● **About this exercise**
Work out how many lines in the data below contain "addrC", and state that count with nothing added.

● **Data excerpts**
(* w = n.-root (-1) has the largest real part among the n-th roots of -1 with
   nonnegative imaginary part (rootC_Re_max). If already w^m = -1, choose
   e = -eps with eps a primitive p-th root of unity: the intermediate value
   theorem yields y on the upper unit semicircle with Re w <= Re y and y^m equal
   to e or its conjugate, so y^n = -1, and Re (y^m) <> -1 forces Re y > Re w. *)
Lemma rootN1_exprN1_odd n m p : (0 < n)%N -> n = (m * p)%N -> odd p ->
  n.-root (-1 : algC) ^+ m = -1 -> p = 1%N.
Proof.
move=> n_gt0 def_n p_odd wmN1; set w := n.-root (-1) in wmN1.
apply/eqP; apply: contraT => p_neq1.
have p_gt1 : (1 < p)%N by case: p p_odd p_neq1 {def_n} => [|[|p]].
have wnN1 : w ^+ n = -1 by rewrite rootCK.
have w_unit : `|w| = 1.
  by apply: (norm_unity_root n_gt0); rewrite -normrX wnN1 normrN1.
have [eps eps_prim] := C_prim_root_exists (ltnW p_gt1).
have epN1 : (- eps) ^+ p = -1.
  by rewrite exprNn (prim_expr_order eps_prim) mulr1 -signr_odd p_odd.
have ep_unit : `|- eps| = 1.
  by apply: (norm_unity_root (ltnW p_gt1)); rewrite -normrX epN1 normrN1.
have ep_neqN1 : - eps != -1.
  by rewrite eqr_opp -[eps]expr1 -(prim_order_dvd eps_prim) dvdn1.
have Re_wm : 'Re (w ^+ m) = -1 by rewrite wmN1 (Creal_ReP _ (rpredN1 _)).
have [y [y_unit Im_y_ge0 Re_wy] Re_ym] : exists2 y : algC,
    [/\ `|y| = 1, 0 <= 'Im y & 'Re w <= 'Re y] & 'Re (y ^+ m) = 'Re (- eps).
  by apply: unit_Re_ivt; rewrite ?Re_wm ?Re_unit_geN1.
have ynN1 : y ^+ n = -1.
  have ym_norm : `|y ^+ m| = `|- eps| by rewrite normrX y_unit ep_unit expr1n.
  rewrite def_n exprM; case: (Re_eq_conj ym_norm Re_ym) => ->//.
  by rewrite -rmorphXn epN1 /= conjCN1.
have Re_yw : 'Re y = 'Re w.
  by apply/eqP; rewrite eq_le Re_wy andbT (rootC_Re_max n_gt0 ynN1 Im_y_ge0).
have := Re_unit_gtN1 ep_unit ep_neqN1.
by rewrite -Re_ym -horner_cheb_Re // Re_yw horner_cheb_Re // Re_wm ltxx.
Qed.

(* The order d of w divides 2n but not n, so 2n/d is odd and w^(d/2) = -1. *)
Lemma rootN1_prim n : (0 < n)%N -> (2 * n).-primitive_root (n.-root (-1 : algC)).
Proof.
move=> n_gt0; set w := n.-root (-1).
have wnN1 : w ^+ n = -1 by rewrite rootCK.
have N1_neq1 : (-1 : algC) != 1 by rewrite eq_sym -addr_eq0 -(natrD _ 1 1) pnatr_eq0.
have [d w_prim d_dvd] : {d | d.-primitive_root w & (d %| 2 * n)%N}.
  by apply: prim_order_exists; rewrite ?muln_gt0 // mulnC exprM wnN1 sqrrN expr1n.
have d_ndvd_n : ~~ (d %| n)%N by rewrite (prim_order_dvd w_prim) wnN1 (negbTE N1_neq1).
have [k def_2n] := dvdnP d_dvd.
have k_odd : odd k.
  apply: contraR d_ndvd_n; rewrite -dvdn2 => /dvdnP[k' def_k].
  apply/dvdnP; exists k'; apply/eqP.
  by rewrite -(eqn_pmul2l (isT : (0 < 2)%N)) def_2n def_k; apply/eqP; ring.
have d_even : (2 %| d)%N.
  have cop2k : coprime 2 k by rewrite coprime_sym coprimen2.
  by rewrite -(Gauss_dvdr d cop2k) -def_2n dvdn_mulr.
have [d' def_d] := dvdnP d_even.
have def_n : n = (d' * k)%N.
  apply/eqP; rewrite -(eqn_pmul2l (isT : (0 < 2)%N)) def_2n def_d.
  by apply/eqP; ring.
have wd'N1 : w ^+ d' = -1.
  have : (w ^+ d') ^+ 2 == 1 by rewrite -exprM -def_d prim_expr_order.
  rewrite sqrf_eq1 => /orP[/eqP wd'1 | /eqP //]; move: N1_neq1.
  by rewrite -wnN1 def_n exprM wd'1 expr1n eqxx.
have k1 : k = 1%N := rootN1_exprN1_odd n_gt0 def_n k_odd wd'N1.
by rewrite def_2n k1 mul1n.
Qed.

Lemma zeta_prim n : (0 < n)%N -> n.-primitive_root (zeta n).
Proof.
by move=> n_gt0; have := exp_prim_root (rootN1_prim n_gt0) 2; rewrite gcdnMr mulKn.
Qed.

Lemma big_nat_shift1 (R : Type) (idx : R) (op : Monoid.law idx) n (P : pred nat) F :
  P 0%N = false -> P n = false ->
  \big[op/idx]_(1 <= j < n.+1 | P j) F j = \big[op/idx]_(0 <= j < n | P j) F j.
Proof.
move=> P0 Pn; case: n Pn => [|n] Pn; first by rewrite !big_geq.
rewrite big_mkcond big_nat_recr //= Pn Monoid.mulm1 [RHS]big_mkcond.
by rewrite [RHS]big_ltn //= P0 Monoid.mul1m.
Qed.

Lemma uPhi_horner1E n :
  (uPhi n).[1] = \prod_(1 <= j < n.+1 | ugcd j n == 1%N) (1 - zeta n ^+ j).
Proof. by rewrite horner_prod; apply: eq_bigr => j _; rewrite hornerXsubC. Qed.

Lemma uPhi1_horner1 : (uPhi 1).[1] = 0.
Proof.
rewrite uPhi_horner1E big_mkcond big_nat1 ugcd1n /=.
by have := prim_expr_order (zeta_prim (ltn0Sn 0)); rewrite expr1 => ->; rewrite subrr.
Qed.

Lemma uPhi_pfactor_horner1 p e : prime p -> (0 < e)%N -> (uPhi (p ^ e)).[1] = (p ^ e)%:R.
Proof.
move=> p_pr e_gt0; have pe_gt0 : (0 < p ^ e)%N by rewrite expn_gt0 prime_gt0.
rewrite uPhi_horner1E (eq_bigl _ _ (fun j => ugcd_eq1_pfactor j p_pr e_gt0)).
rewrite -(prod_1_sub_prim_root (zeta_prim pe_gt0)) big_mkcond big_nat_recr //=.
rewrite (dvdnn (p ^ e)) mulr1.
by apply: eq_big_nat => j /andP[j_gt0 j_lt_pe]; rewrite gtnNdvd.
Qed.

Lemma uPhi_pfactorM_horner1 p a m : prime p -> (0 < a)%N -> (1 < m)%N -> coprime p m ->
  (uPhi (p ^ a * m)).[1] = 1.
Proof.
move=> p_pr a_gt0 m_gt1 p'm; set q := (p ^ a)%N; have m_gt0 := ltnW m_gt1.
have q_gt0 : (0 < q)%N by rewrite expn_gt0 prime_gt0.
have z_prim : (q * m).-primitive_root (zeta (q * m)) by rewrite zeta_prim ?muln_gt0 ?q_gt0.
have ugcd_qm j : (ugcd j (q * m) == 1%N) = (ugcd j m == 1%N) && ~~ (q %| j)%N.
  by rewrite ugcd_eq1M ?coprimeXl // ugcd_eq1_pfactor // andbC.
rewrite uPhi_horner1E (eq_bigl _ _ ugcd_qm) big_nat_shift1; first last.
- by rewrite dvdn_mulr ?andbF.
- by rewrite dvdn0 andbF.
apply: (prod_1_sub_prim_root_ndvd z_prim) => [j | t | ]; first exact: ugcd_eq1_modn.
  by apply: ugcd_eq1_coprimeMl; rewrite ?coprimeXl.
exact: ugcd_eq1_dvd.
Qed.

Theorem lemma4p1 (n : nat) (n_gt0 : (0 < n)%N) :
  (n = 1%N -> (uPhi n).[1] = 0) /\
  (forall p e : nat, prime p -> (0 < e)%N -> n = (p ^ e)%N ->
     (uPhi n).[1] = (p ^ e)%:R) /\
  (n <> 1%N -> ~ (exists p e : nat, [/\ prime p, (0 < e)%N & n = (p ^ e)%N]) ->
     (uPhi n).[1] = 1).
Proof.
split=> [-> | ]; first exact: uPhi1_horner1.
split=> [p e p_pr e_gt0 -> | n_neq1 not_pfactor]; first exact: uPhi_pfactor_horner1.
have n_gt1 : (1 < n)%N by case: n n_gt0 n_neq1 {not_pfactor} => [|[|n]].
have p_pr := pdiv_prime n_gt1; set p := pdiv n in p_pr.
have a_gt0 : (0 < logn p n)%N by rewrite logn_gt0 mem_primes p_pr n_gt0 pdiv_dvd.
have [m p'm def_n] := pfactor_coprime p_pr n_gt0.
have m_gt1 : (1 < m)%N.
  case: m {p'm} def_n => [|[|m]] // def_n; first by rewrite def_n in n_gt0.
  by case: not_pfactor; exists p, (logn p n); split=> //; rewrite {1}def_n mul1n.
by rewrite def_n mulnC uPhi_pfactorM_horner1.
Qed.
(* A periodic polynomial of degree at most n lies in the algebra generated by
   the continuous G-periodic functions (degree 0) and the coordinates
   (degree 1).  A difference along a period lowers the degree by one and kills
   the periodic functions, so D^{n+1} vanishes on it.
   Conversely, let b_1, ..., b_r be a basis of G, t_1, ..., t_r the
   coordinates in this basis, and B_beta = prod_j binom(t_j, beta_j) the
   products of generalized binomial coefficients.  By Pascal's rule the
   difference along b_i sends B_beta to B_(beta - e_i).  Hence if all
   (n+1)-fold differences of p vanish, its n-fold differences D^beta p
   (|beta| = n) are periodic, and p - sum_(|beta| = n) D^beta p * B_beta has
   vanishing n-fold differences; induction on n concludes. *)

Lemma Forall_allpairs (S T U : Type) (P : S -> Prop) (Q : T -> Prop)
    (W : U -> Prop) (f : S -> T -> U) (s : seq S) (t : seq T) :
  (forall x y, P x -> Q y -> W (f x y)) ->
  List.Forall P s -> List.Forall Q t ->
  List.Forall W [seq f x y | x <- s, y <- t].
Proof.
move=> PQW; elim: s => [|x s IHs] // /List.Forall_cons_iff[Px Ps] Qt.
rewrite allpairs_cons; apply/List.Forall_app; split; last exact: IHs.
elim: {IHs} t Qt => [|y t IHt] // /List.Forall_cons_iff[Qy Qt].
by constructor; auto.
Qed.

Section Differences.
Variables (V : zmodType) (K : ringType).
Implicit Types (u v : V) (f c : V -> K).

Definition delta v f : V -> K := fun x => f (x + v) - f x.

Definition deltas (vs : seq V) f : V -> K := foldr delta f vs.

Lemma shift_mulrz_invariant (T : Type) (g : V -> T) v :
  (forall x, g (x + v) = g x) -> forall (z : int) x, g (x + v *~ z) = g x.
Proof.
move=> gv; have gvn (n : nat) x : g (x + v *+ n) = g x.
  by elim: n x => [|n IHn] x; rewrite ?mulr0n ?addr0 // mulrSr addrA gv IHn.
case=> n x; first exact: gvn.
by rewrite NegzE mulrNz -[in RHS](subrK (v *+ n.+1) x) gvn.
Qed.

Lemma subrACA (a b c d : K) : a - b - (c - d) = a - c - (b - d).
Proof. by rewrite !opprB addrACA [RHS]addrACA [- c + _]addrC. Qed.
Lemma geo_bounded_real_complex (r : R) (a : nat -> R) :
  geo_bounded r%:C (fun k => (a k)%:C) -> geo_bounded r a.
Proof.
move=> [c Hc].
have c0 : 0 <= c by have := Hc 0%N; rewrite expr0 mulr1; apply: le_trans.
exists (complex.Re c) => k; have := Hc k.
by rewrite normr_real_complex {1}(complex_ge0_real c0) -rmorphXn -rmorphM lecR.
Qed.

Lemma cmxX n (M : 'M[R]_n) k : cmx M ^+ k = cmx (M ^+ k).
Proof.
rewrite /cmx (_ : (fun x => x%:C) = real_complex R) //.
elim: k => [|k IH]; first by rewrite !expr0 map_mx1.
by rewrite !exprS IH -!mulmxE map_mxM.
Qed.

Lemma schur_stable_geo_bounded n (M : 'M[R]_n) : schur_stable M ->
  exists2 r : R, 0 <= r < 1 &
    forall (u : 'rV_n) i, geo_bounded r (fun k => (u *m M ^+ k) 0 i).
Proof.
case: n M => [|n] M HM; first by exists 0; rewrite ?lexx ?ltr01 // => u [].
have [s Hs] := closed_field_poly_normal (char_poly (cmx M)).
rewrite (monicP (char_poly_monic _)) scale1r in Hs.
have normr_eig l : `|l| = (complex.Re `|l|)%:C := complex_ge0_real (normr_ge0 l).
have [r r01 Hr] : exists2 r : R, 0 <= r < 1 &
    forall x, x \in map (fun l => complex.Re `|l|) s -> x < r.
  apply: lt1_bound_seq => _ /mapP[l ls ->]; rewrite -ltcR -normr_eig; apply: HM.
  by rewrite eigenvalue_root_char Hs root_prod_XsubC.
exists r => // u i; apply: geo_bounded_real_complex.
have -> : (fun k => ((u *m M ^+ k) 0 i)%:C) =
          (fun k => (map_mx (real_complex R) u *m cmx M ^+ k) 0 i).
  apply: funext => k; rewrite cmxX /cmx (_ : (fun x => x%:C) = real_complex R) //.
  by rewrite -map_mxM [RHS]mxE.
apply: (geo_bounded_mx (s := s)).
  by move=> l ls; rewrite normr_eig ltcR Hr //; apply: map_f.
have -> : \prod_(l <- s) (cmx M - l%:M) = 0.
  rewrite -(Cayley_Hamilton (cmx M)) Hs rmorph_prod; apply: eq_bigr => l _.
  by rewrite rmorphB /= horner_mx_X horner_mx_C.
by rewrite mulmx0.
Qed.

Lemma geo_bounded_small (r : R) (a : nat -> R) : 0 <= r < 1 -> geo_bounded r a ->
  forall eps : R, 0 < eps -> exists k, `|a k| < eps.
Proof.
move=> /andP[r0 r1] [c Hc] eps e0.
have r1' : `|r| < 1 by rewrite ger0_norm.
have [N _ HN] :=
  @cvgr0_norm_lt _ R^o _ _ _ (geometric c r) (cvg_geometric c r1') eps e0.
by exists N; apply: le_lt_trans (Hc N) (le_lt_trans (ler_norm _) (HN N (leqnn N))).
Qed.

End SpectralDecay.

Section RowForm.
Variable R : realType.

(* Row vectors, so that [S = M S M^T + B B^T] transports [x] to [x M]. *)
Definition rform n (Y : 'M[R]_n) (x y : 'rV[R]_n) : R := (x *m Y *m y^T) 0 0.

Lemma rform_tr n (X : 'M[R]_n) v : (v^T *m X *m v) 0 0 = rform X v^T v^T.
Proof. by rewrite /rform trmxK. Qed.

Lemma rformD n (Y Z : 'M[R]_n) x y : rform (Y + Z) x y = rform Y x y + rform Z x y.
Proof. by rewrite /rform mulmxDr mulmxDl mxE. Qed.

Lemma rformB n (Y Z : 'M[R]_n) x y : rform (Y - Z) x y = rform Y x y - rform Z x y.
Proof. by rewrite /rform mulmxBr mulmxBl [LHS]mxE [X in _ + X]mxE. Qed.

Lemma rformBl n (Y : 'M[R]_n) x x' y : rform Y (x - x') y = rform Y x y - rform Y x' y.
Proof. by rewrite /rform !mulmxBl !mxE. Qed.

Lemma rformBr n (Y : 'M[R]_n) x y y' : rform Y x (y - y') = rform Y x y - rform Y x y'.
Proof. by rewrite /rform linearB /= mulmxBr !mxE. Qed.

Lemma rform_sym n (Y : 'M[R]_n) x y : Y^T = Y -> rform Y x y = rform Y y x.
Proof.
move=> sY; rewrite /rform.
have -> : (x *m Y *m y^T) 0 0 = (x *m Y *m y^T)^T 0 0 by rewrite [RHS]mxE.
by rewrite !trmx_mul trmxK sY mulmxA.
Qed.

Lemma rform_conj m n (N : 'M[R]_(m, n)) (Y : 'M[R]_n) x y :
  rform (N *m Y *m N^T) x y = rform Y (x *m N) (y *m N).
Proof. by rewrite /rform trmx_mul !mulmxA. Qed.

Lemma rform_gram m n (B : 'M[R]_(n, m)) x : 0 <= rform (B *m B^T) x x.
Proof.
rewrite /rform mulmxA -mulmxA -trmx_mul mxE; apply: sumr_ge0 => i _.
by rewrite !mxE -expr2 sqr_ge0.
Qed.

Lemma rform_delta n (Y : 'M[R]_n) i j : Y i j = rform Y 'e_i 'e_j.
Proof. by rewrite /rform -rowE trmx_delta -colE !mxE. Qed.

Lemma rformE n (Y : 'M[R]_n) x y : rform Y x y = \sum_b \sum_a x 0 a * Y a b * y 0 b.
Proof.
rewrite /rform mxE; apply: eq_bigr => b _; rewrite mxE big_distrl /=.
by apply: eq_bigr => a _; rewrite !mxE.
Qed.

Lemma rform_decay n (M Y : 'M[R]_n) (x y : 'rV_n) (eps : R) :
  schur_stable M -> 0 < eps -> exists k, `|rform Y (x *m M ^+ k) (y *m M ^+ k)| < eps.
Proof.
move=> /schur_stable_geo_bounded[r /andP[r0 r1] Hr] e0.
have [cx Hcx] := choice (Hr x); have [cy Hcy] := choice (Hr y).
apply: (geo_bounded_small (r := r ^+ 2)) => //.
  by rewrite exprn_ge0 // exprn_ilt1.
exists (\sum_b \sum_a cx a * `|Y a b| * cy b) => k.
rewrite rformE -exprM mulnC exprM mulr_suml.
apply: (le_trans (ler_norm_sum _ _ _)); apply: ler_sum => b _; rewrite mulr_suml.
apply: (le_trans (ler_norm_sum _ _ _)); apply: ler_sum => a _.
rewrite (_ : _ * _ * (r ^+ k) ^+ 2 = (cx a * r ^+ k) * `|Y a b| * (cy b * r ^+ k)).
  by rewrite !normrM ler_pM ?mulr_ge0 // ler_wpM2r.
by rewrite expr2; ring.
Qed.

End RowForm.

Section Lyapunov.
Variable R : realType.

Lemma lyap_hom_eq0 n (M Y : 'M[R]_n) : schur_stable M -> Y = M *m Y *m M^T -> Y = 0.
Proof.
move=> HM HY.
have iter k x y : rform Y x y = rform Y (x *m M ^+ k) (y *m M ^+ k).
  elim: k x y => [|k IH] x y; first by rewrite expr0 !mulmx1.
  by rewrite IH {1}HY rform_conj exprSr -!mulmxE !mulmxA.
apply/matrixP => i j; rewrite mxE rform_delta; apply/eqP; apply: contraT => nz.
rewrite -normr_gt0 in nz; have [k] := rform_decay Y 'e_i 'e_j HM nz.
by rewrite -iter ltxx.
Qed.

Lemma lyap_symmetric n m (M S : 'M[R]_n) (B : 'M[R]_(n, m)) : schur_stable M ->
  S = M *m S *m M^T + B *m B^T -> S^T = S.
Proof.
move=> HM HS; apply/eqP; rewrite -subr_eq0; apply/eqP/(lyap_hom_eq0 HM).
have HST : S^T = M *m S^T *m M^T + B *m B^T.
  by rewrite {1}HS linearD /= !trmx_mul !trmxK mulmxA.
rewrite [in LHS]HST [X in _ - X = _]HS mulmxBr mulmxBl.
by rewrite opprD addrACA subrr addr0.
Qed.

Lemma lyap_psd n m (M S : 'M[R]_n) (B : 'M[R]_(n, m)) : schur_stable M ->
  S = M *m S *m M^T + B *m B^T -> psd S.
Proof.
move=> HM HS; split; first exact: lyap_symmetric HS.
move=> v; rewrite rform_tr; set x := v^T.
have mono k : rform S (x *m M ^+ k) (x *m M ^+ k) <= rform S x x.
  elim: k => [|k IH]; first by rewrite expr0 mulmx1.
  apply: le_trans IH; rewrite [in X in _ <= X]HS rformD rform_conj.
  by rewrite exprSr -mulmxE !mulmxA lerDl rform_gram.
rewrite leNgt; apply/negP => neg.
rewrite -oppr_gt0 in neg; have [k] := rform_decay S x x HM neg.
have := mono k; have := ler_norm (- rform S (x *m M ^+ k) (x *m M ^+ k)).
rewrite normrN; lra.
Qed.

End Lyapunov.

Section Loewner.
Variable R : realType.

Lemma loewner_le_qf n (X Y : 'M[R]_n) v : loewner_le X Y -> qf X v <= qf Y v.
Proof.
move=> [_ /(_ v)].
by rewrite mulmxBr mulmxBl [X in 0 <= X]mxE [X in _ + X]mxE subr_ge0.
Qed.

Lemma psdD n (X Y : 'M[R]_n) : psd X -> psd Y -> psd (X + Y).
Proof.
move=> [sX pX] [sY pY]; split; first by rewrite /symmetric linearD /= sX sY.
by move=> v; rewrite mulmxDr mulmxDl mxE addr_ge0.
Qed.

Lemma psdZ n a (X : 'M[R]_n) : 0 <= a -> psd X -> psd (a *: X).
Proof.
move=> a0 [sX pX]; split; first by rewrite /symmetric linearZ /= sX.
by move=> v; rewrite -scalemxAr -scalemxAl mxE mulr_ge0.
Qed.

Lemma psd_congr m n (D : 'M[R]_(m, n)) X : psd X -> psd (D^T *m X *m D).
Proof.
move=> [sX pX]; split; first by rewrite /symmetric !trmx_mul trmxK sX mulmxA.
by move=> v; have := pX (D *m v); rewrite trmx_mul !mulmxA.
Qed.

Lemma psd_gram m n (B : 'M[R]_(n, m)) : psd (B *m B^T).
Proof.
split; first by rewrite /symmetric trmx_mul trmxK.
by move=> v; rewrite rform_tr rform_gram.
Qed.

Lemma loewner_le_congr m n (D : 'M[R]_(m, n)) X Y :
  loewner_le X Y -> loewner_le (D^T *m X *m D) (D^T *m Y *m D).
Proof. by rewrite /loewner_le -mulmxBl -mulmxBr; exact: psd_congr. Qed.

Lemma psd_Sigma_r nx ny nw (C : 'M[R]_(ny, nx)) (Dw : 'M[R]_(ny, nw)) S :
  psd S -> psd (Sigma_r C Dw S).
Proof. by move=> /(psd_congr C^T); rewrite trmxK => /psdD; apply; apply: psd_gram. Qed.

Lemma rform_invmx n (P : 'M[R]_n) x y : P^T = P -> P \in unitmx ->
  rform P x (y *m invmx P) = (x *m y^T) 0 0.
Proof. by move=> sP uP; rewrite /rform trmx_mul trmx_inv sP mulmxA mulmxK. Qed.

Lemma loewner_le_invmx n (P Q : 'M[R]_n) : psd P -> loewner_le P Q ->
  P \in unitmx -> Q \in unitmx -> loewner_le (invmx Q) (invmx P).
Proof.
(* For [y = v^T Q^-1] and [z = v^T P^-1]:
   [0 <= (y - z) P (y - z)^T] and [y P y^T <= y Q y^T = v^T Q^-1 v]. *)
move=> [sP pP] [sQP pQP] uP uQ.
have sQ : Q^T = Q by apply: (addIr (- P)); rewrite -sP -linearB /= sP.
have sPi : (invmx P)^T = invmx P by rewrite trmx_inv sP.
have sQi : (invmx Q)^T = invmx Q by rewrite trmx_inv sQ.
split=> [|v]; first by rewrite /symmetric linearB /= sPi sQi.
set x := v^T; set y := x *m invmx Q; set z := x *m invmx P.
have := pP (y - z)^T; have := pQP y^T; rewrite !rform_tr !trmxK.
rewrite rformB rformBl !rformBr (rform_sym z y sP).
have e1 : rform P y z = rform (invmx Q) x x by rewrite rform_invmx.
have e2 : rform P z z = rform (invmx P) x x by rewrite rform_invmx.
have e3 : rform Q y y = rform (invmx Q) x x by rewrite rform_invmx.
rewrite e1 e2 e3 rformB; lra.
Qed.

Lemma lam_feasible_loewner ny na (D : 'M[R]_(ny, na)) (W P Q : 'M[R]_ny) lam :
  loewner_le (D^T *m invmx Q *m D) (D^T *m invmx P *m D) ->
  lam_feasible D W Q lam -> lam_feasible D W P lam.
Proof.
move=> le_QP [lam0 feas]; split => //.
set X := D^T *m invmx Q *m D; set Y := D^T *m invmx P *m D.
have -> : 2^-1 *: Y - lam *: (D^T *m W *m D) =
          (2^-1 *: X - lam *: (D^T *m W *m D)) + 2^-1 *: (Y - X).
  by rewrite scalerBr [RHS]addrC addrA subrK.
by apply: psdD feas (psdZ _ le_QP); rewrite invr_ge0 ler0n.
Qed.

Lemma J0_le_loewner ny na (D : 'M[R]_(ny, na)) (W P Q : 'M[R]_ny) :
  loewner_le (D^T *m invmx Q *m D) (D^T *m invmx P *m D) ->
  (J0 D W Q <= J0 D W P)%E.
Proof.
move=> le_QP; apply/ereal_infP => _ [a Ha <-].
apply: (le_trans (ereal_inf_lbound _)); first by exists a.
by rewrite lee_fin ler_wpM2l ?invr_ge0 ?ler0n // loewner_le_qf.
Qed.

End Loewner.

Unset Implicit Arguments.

● **Task output**
2